**What this task involves:** Beneath this instruction is a listing. Transcribe from it only the stretch from the line with "have [x [->" through the line with "Lemma det_conj_orth n", both end lines included, exactly as written.
= = =
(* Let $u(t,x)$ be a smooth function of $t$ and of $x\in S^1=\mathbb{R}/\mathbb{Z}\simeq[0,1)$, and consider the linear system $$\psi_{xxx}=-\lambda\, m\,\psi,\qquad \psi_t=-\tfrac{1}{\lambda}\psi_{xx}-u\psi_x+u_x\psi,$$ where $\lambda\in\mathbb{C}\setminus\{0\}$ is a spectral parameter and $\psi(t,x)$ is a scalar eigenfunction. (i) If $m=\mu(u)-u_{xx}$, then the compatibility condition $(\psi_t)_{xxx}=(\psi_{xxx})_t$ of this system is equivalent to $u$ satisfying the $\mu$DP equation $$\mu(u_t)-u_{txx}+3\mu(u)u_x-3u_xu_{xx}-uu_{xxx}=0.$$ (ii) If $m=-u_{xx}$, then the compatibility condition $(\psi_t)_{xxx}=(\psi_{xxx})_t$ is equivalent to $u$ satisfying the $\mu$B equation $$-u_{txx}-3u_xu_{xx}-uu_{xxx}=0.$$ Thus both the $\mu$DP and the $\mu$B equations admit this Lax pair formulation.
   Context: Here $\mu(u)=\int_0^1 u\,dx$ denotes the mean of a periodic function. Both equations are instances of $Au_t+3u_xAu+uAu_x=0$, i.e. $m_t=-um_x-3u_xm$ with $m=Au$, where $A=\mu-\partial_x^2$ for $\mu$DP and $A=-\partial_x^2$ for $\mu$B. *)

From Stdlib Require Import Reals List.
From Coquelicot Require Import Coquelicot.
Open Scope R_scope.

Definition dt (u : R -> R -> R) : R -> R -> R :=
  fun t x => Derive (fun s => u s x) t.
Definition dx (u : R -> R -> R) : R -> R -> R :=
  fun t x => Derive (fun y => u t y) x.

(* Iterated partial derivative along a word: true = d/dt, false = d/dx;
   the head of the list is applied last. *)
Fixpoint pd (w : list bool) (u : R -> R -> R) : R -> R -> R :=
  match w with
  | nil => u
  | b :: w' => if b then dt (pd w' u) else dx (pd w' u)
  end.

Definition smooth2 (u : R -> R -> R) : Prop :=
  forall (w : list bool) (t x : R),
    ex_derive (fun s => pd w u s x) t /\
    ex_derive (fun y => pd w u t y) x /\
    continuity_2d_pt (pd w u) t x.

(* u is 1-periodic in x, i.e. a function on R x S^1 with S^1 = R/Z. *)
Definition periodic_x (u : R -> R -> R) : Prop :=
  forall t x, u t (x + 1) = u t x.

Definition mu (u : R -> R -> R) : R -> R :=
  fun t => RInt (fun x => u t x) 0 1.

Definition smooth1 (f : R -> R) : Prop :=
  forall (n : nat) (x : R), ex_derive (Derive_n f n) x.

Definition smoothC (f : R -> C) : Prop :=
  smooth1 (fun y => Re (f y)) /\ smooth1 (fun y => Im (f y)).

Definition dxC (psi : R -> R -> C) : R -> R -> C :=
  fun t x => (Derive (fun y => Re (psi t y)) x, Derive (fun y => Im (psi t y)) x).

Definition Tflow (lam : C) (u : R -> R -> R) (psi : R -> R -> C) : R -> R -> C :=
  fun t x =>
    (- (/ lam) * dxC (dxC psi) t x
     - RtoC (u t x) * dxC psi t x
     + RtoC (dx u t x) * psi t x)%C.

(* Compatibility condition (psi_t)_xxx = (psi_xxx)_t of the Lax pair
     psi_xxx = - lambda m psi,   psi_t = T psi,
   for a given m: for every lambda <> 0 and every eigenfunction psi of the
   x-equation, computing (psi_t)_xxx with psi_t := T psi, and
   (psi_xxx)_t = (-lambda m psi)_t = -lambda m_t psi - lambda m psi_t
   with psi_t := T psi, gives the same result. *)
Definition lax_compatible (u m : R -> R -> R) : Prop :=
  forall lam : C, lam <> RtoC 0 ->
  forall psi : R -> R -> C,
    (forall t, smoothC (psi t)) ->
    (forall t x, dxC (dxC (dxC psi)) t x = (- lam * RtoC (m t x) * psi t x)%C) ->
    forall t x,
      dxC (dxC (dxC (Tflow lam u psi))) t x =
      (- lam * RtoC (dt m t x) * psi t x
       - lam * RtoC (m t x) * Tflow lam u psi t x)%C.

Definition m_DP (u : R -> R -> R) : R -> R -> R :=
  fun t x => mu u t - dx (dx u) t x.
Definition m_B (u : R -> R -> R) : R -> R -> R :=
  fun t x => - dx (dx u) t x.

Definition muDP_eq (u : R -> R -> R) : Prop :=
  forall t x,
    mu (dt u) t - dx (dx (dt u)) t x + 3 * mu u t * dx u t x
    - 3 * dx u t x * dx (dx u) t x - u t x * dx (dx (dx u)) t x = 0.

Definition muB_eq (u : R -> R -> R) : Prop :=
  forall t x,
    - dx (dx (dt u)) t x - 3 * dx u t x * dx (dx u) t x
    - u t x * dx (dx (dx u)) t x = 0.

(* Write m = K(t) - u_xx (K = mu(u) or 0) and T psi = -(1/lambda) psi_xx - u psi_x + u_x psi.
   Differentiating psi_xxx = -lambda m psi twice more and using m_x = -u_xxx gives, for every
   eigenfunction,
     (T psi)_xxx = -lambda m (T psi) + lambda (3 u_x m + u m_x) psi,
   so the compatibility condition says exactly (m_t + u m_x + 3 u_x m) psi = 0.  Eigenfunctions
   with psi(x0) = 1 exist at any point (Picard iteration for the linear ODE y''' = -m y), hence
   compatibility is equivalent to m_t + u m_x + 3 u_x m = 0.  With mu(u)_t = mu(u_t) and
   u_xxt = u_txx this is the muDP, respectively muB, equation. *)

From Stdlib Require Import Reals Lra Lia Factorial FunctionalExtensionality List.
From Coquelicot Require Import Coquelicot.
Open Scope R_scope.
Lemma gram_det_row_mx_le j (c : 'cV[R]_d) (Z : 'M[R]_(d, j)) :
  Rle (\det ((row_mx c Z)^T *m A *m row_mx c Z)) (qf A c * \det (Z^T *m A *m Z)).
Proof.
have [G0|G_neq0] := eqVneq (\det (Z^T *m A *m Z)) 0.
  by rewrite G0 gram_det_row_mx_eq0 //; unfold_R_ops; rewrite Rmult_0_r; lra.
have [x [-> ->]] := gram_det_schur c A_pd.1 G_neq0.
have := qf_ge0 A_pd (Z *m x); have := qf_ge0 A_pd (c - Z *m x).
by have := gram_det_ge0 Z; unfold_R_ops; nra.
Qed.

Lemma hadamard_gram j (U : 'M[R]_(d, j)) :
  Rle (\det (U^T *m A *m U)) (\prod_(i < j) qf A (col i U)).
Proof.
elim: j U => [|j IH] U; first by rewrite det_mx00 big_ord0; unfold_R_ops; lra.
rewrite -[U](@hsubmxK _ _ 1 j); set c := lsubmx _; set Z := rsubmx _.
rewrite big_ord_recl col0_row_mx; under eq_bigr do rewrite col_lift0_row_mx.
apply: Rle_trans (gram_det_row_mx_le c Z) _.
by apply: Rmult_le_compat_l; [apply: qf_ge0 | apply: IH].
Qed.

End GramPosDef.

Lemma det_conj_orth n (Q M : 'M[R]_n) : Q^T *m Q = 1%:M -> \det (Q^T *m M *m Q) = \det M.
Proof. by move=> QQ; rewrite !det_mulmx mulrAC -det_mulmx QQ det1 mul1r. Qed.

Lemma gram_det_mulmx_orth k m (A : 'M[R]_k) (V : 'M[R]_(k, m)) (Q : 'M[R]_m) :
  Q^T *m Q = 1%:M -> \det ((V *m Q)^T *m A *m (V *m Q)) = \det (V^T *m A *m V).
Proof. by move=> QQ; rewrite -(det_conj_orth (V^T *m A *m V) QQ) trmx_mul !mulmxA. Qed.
= = =
**The completed task:**
have [x [-> ->]] := gram_det_schur c A_pd.1 G_neq0.
have := qf_ge0 A_pd (Z *m x); have := qf_ge0 A_pd (c - Z *m x).
by have := gram_det_ge0 Z; unfold_R_ops; nra.
Qed.

Lemma hadamard_gram j (U : 'M[R]_(d, j)) :
  Rle (\det (U^T *m A *m U)) (\prod_(i < j) qf A (col i U)).
Proof.
elim: j U => [|j IH] U; first by rewrite det_mx00 big_ord0; unfold_R_ops; lra.
rewrite -[U](@hsubmxK _ _ 1 j); set c := lsubmx _; set Z := rsubmx _.
rewrite big_ord_recl col0_row_mx; under eq_bigr do rewrite col_lift0_row_mx.
apply: Rle_trans (gram_det_row_mx_le c Z) _.
by apply: Rmult_le_compat_l; [apply: qf_ge0 | apply: IH].
Qed.

End GramPosDef.

Lemma det_conj_orth n (Q M : 'M[R]_n) : Q^T *m Q = 1%:M -> \det (Q^T *m M *m Q) = \det M.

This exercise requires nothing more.